Description of the task:
In the data below, the answer is the run of lines from the line containing "Lemma std_val_std i" through the line containing "Proof. by case/andP: (valP x) => _ /eqP. Qed.", both included; print it exactly and nothing else.

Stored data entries
=== Section Start ===

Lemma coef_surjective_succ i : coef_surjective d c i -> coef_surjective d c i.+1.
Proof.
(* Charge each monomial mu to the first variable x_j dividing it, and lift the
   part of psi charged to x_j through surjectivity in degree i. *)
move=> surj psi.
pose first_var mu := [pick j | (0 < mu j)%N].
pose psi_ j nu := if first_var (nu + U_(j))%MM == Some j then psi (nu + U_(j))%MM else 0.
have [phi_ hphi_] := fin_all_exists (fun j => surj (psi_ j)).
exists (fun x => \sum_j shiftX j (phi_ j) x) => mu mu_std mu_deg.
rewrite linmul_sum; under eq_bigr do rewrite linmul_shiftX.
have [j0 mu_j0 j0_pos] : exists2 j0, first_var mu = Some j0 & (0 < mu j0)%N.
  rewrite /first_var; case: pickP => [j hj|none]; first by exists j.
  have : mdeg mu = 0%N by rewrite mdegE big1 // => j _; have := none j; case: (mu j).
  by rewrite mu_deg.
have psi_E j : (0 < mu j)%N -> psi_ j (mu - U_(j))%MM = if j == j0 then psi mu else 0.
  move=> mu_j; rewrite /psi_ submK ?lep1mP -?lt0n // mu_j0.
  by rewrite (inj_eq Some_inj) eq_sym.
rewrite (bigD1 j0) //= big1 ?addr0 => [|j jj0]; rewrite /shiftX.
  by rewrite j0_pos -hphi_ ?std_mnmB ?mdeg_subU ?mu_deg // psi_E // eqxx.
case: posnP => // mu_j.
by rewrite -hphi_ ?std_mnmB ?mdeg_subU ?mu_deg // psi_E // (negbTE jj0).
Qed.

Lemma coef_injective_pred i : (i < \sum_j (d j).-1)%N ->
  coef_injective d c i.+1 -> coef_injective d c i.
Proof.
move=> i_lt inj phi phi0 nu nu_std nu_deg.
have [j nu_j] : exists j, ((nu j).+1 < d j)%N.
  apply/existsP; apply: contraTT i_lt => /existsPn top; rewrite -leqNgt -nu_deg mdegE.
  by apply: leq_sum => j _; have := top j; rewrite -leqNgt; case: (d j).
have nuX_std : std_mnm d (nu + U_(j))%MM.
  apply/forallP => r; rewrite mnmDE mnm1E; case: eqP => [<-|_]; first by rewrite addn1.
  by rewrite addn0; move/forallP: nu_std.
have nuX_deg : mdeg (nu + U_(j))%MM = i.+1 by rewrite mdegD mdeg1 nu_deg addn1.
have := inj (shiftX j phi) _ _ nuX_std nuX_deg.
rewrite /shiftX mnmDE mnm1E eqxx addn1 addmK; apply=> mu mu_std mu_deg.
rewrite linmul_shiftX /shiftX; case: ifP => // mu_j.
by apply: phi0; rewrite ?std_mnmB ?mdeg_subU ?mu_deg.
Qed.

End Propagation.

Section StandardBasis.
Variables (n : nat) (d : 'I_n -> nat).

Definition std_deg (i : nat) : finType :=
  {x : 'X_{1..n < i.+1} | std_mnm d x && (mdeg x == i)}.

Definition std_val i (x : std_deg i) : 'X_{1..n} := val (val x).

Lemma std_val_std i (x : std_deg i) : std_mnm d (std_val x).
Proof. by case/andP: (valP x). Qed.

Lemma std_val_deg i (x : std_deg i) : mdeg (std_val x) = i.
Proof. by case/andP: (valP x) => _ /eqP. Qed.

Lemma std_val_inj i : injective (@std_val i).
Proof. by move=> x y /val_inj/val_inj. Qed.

=== Section End ===
=== Section Start ===

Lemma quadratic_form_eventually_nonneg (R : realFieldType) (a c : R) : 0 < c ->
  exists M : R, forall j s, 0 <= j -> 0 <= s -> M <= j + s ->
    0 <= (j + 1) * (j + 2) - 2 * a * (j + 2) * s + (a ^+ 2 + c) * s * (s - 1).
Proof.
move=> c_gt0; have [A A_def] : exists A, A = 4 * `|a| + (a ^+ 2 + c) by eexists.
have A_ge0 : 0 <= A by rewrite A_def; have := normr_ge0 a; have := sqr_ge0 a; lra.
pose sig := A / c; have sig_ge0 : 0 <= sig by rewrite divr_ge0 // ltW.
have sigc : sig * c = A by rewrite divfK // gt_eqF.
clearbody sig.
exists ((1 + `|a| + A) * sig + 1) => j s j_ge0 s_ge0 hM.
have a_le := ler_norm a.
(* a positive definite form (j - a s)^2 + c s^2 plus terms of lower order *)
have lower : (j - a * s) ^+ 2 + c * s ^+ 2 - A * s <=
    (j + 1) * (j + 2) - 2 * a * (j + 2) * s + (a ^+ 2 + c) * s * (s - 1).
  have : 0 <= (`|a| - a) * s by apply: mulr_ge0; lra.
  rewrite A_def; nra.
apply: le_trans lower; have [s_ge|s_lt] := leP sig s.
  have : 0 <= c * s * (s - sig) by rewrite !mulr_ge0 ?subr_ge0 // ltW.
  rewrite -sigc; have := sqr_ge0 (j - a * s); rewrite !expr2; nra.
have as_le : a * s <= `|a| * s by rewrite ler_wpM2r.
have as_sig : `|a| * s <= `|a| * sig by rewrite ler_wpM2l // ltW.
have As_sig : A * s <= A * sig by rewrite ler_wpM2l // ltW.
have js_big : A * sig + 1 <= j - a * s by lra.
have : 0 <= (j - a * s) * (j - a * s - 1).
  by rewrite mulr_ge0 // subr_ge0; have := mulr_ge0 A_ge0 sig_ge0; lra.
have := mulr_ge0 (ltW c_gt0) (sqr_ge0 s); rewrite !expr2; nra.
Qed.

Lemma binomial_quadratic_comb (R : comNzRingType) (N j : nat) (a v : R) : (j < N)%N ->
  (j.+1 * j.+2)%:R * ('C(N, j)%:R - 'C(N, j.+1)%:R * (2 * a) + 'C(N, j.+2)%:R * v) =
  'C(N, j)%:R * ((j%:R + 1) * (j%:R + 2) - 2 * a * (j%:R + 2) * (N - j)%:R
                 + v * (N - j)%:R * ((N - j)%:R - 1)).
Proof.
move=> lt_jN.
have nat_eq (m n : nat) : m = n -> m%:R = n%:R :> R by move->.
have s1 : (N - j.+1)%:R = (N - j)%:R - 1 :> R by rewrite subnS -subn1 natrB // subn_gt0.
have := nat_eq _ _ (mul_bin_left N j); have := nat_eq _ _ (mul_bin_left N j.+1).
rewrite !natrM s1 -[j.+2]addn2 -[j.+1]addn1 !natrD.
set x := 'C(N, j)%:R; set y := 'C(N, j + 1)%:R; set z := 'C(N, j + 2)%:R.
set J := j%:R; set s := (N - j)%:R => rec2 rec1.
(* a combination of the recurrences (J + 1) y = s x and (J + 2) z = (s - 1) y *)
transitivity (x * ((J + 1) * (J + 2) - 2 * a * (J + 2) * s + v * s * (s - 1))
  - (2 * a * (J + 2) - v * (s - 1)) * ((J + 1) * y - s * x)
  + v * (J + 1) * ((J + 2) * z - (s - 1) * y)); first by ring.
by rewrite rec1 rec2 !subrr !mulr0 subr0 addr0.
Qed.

=== Section End ===

Response area:
Lemma std_val_std i (x : std_deg i) : std_mnm d (std_val x).
Proof. by case/andP: (valP x). Qed.

Lemma std_val_deg i (x : std_deg i) : mdeg (std_val x) = i.
Proof. by case/andP: (valP x) => _ /eqP. Qed.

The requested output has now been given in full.